Development remotes allow fast iteration. Meanwhile, meanwhile, production remotes protect release artifacts. As a result, as a result, the promotion boundary should be explicit. Do not let every feature branch write into the production cache prefix. For that reason, do not let CI jobs for untrusted branches pull privileged datasets. At the same time, meanwhile, a practical pattern is:

feature branches write to a dev remote
protected release jobs copy or re-push approved DVC objects to a prod remote
release tags preserve the Git metadata that references approved objects
production training and rollback jobs read from the prod remote

This gives the platform team separate blast radii. Meanwhile, it also gives security reviewers a clean permission story.

Cost Lens

DVC cache growth is not theoretical. Every changed dataset shard, model binary, and generated artifact can add objects. As a result, the local cache grows. In the same way, the remote cache grows. For that reason, cI caches may grow too.

The first cost control is deduplication-aware data layout. Avoid one huge archive per version when only a small part changes. As a result, prefer partitions or shards that align with natural update boundaries. In the same way, the second cost control is cache type.

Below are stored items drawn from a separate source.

(* Let $H$ be a simple graph which is neither a matching nor a star, and let $\alpha,\beta>0$. (1) If $\operatorname{ex}(K_n,H)=O(n^\alpha)$ as $n\to\infty$, then $\mathcal{E}_H(k)=\Omega(k^{2/\alpha})$ as $k\to\infty$. (2) If $\operatorname{ex}(K_n,H)=\Omega(n^\beta)$ as $n\to\infty$, then $\mathcal{E}^*_H(k)=O(k^{3-\beta})$ as $k\to\infty$.
   Context: Graphs are 2-uniform without isolated vertices; a matching is $sK_2$ and a star is $K_{1,s}$. Multigraphs may have parallel edges (no loops), with $e(\cdot)$ counting multiplicity. $\operatorname{ex}(G,H)$ is the maximum number of edges of a sub-multigraph of $G$ containing no copy of $H$. $\mathcal{E}_H(k):=\sup\{e(G): G\text{ simple}, \operatorname{ex}(G,H)<k\}$ and $\mathcal{E}^*_H(k):=\sup\{e(G): G\text{ multigraph}, \operatorname{ex}(G,H)<k\}$. *)

From mathcomp Require Import all_boot.
From Stdlib Require Import Reals.

Set Implicit Arguments.
Unset Strict Implicit.
Unset Printing Implicit Defensive.

(* A multigraph on vertex set 'I_n, given by its multiplicity function.
   Isolated vertices are harmless: they contribute neither edges nor copies. *)
Definition mgraph (n : nat) := 'I_n -> 'I_n -> nat.

Definition is_multigraph (n : nat) (m : mgraph n) : Prop :=
  (forall i j, m i j = m j i) /\ (forall i, m i i = 0%N).

Definition is_simple (n : nat) (m : mgraph n) : Prop :=
  is_multigraph m /\ (forall i j, (m i j <= 1)%N).

Definition edges (n : nat) (m : mgraph n) : nat :=
  \sum_(i < n) \sum_(j < n | (i < j)%N) m i j.

Definition Kn (n : nat) : mgraph n := fun i j => if i == j then 0%N else 1%N.
Arguments Kn : clear implicits.

Definition is_graph (h : nat) (H : rel 'I_h) : Prop :=
  symmetric H /\ irreflexive H /\ (forall u, exists v, H u v).

Definition is_matching (h : nat) (H : rel 'I_h) : Prop :=
  forall u, #|[pred v | H u v]| = 1%N.

Definition is_star (h : nat) (H : rel 'I_h) : Prop :=
  exists c, forall u v, H u v -> u = c \/ v = c.

Definition contains (n : nat) (m : mgraph n) (h : nat) (H : rel 'I_h) : bool :=
  [exists f : {ffun 'I_h -> 'I_n},
     injectiveb f && [forall u, forall v, H u v ==> (0 < m (f u) (f v))%N]].

Definition ex (n : nat) (m : mgraph n) (h : nat) (H : rel 'I_h) : nat :=
  let b := \max_(i < n) \max_(j < n) m i j in
  \max_(F : {ffun 'I_n * 'I_n -> 'I_b.+1} |
          [forall i, forall j, ((F (i, j) : nat) <= m i j)%N
                               && ((F (i, j) : nat) == F (j, i))]
          && ~~ contains (fun i j => (F (i, j) : nat)) H)
     edges (fun i j => (F (i, j) : nat)).

From mathcomp Require Import all_boot zify fingroup perm.
From Stdlib Require Import Reals Lra Lia.

Set Implicit Arguments.
Unset Strict Implicit.
Unset Printing Implicit Defensive.

(** Part (1): for [n] about [(k / 2C)^(1/alpha)] we get [ex(K_n,H) <= C n^alpha < k],
    while [K_n] has of the order of [n^2 = k^(2/alpha)] edges.

    Part (2): let [G] be a multigraph with [ex(G,H) < k].  As [H] is not a star, every
    vertex has weighted degree [< k]; as [H] is not a matching, a maximum matching of [G]
    is [H]-free, so its at most [2k] endpoints cover [G] and [e(G) <= 2k^2].  This settles
    [beta <= 1].  If [beta > 1], then [H] is not a star forest, since star forests have
    linear extremal number; a minimal edge cover of [G] is a star forest, hence [H]-free,
    so [G] has [p < 2k] non-isolated vertices.  Averaging an extremal [H]-free graph on
    these [p] vertices over all relabellings gives a relabelling meeting [G] in at least
    [2 ex(K_p,H) e(G) / (p (p-1))] edges, so [c p^beta e(G) <= p^2 k] and
    [e(G) = O(p^(2-beta) k) = O(k^(3-beta))]. *)

Section Multigraphs.
Variable n : nat.
Implicit Types (m F : mgraph n) (X : {set 'I_n}) (S : {set 'I_n * 'I_n}).

Definition mdeg m (x : 'I_n) := \sum_(j < n) m x j.
Definition deg_sum m := \sum_(i < n) mdeg m i.
Definition support m := [set i | [exists j, 0 < m i j]].
Definition restr m S : mgraph n := fun i j => if (i, j) \in S then m i j else 0.

Lemma deg_sum_edges m : is_multigraph m -> deg_sum m = 2 * edges m.
Proof.
move=> [sym diag]; rewrite /deg_sum /mdeg /edges.
have split_row i : \sum_(j < n) m i j =
    \sum_(j < n | i < j) m i j + \sum_(j < n | j < i) m i j.
  rewrite (bigID (fun j : 'I_n => i < j)) /=; congr (_ + _).
  rewrite [RHS]big_mkcond [LHS]big_mkcond; apply: eq_bigr => j _ /=.
  case: (ltngtP i j) => //= /val_inj ->; exact: diag.
under eq_bigr => i _ do rewrite split_row.
rewrite big_split /= [X in _ + X](exchange_big_dep xpredT) //=.
rewrite mul2n -addnn; congr (_ + _); apply: eq_bigr => i _.
by apply: eq_bigr => j _; rewrite sym.
Qed.

Lemma eq_edges m F : (forall i j, m i j = F i j) -> edges m = edges F.
Proof. by move=> eq_mF; apply: eq_bigr => i _; apply: eq_bigr => j _. Qed.

Lemma edges_le_cover m X : is_multigraph m ->
  (forall i j, 0 < m i j -> (i \in X) || (j \in X)) ->
  edges m <= \sum_(x in X) mdeg m x.
Proof.
move=> mm cover; rewrite -(leq_pmul2l (isT : 0 < 2)) -deg_sum_edges //.
have [sym _] := mm.
have weigh_ends i j : m i j <= (i \in X) * m i j + (j \in X) * m j i.
  by rewrite (sym j i); case: (posnP (m i j)) => [-> //|/cover /orP [] ->]; lia.
have -> : \sum_(x in X) mdeg m x = \sum_x (x \in X) * mdeg m x.
  by rewrite big_mkcond; apply: eq_bigr => x _; case: (x \in X); rewrite ?mul1n.
apply: (@leq_trans (\sum_i \sum_j ((i \in X) * m i j + (j \in X) * m j i))).
  by apply: leq_sum => i _; apply: leq_sum => j _.
under eq_bigr => i _ do rewrite big_split /= -big_distrr.
rewrite big_split /= exchange_big /=.
under [X in _ + X]eq_bigr => j _ do rewrite -big_distrr.
by rewrite addnn -mul2n.
Qed.

Lemma restr_multigraph m S : is_multigraph m ->
  (forall p, p \in S -> (p.2, p.1) \in S) -> is_multigraph (restr m S).
Proof.
move=> [sym diag] S_sym; split=> [i j|i]; rewrite /restr; last by rewrite diag; case: ifP.
case: ifP => [/S_sym /= -> | ijS]; first by rewrite sym.
by case: ifP => // /S_sym /=; rewrite ijS.
Qed.

Lemma restr_le m S i j : restr m S i j <= m i j.
Proof. by rewrite /restr; case: ifP. Qed.

Definition arc_set m S := [forall p in S, (0 < m p.1 p.2) && ((p.2, p.1) \in S)].

Definition out_deg S (u : 'I_n) := #|[set j | (u, j) \in S]|.

Lemma out_deg_other S u v : 1 < out_deg S u -> exists2 c, (u, c) \in S & c != v.
Proof.
move=> /card_gt1P [a [b [aS bS ab]]]; rewrite !inE in aS bS.
by case: (eqVneq a v) => [av|]; [exists b => //; rewrite -av eq_sym | exists a].
Qed.

Lemma card_le_deg_sum_restr m S :
  (forall p, p \in S -> 0 < m p.1 p.2) -> #|S| <= deg_sum (restr m S).
Proof.
move=> S_pos; rewrite /deg_sum /mdeg pair_big /= -sum1_card big_mkcond /=.
apply: leq_sum => p _; rewrite /restr -surjective_pairing.
by case: ifP => // /S_pos.
Qed.

(* [fst] is injective on [M], so [M] holds both orientations of the edges of a matching. *)
Definition matching_set m M := arc_set m M && (#|fst @: M| == #|M|).

Lemma matching_set_augment m M i j : is_multigraph m -> matching_set m M ->
  0 < m i j -> i \notin fst @: M -> j \notin fst @: M ->
  exists2 M', matching_set m M' & #|M| < #|M'|.
Proof.
move=> [sym diag] /andP [/forall_inP M_arcs /eqP M_card] m_ij iM jM.
have i_j : i != j by apply: contraTneq m_ij => ->; rewrite diag.
have ijM : (i, j) \notin M by apply: contra iM => ijM; apply/imsetP; exists (i, j).
have jiM : (j, i) \notin M by apply: contra jM => jiM; apply/imsetP; exists (j, i).
have ij_new : (i, j) \notin (j, i) |: M by rewrite !inE xpair_eqE (negbTE i_j) ijM.
have i_new : i \notin j |: fst @: M by rewrite !inE (negbTE i_j) iM.
exists ((i, j) |: ((j, i) |: M)); last by rewrite !cardsU1 ij_new jiM.
apply/andP; split; last by rewrite !imsetU1 !cardsU1 i_new jM ij_new jiM M_card.
apply/forall_inP => p; rewrite !inE => /orP [/eqP -> | /orP [/eqP -> | pM]] /=.
- by rewrite m_ij eqxx orbT.
- by rewrite sym m_ij eqxx.
- by have /andP [-> rev] := M_arcs p pM; rewrite rev !orbT.
Qed.

Definition edge_cover m E := arc_set m E && (support m \subset fst @: E).

Lemma edge_cover_del m E u v : is_multigraph m -> edge_cover m E -> (u, v) \in E ->
  1 < out_deg E u -> 1 < out_deg E v -> edge_cover m (E :\: [set (u, v); (v, u)]).
Proof.
move=> [_ diag] /andP [/forall_inP E_arcs E_cov] uvE du dv.
have u_v : u != v by apply: contraTneq (E_arcs _ uvE) => /= ->; rewrite diag.
set D := [set (u, v); (v, u)].
have D_sym p : ((p.2, p.1) \in D) = (p \in D).
  by case: p => a b; rewrite !inE !xpair_eqE orbC andbC [(a == v) && _]andbC.
apply/andP; split.
  apply/forall_inP => p; rewrite inE => /andP [pD pE].
  by have /andP [-> rev] := E_arcs p pE; rewrite in_setD (D_sym p) pD rev.
apply/subsetP => i /(subsetP E_cov) /imsetP [[a b] abE ->] /=.
case: (boolP ((a, b) \in D)) => abD; last by apply/imsetP; exists (a, b); rewrite // inE abD.
have da : 1 < out_deg E a by move: abD; rewrite !inE => /orP [] /eqP [-> _].
have [c acE c_b] := out_deg_other b da.
apply/imsetP; exists (a, c) => //; rewrite inE acE andbT.
move: abD c_b; rewrite !inE !xpair_eqE => /orP [] /andP [/eqP -> /eqP ->] /negbTE c_b.
  by rewrite eqxx c_b (negbTE u_v).
by rewrite eqxx c_b (eq_sym v u) (negbTE u_v).
Qed.

Lemma min_edge_cover_leaf m E u v : is_multigraph m -> edge_cover m E ->
  (forall E', edge_cover m E' -> #|E| <= #|E'|) -> (u, v) \in E ->
  (out_deg E u <= 1) || (out_deg E v <= 1).
Proof.
move=> mm E_cov E_min uvE; apply/negPn/negP; rewrite negb_or -!ltnNge => /andP [du dv].
have := E_min _ (edge_cover_del mm E_cov uvE du dv); apply/negP; rewrite -ltnNge.
apply: proper_card; apply/properP; split; first exact: subsetDl.
by exists (u, v) => //; rewrite !inE eqxx.
Qed.

End Multigraphs.

Lemma Kn_simple n : is_simple (Kn n).
Proof.
split=> [|i j]; last by rewrite /Kn; case: eqP.
by split=> [i j|i]; rewrite /Kn ?eqxx // eq_sym.
Qed.

Lemma Kn_edges n : 2 * edges (Kn n) = n * (n - 1).
Proof.
rewrite -deg_sum_edges; last by case: (Kn_simple n).
rewrite /deg_sum (eq_bigr (fun _ => n - 1)) ?sum_nat_const ?card_ord // => i _.
rewrite /mdeg (bigD1 i) //= /Kn eqxx add0n.
rewrite (eq_bigr (fun _ => 1)) => [|j /negbTE]; last by rewrite eq_sym => ->.
by rewrite sum_nat_const muln1 cardC1 card_ord subn1.
Qed.

Lemma sub_Kn_simple n (F : mgraph n) :
  (forall i j, F i j <= Kn n i j) -> (forall i j, F i j = F j i) -> is_simple F.
Proof.
move=> F_Kn F_sym; split=> [|i j].
  by split=> // i; apply/eqP; rewrite -leqn0 (leq_trans (F_Kn i i)) // /Kn eqxx.
by apply: leq_trans (F_Kn i j) _; rewrite /Kn; case: eqP.
Qed.

Lemma mdeg_simple n (F : mgraph n) i :
  (forall j, F i j <= 1) -> mdeg F i <= #|[set j | 0 < F i j]|.
Proof.
move=> F_le1; rewrite /mdeg -sum1_card [X in _ <= X]big_mkcond /=; apply: leq_sum => j _.
by rewrite inE; have := F_le1 j; case: (F i j) => [|[]].
Qed.

Lemma distinct_reps (I : eqType) (T : finType) (x0 : T) (A : I -> {set T})
    (S : {set T}) (s : seq I) :
  uniq s -> (forall i, i \in s -> #|S| + size s <= #|A i|) ->
  exists g : I -> T, [/\ {in s &, injective g},
    forall i, i \in s -> g i \in A i & forall i, i \in s -> g i \notin S].
Proof.
elim: s S => [|i s IH] S /=; first by exists (fun _ => x0); split.
move=> /andP [i_s s_uniq] A_big.
have [x xA xS] : exists2 x, x \in A i & x \notin S.
  apply/subsetPn; apply: contraTN (A_big i (mem_head _ _)) => /subset_leq_card.
  by move=> AS; rewrite -ltnNge; lia.
have [|g [g_inj gA gS]] := IH (x |: S) s_uniq.
  by move=> j js; rewrite cardsU1 xS add1n addSnnS; apply: A_big; rewrite inE js orbT.
have gx j : j \in s -> g j != x by move/gS; rewrite !inE negb_or => /andP [].
exists (fun j => if j == i then x else g j); split.
- move=> j k; rewrite !inE.
  case: (eqVneq j i) => [->|j_i]; case: (eqVneq k i) => [->|k_i] //= jin kin.
  + by move=> /esym /eqP; rewrite (negbTE (gx k kin)).
  + by move=> /eqP; rewrite (negbTE (gx j jin)).
  + exact: g_inj.
- move=> j; rewrite inE; case: (eqVneq j i) => [-> //|_ /= js]; exact: gA.
- move=> j; rewrite inE; case: (eqVneq j i) => [-> //|_ /= js].
  by move: (gS j js); rewrite inE negb_or => /andP [].
Qed.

DVC can use reflink, hardlink, symlink, or copy link strategies, with reflink,copy as a common default. Hardlinks and symlinks can save disk, but the official configuration docs warn that manually modifying tracked workspace files linked this way could corrupt cache content. As a result, dVC protects those links by making them read-only. In the same way, use dvc unprotect when you intentionally need to edit.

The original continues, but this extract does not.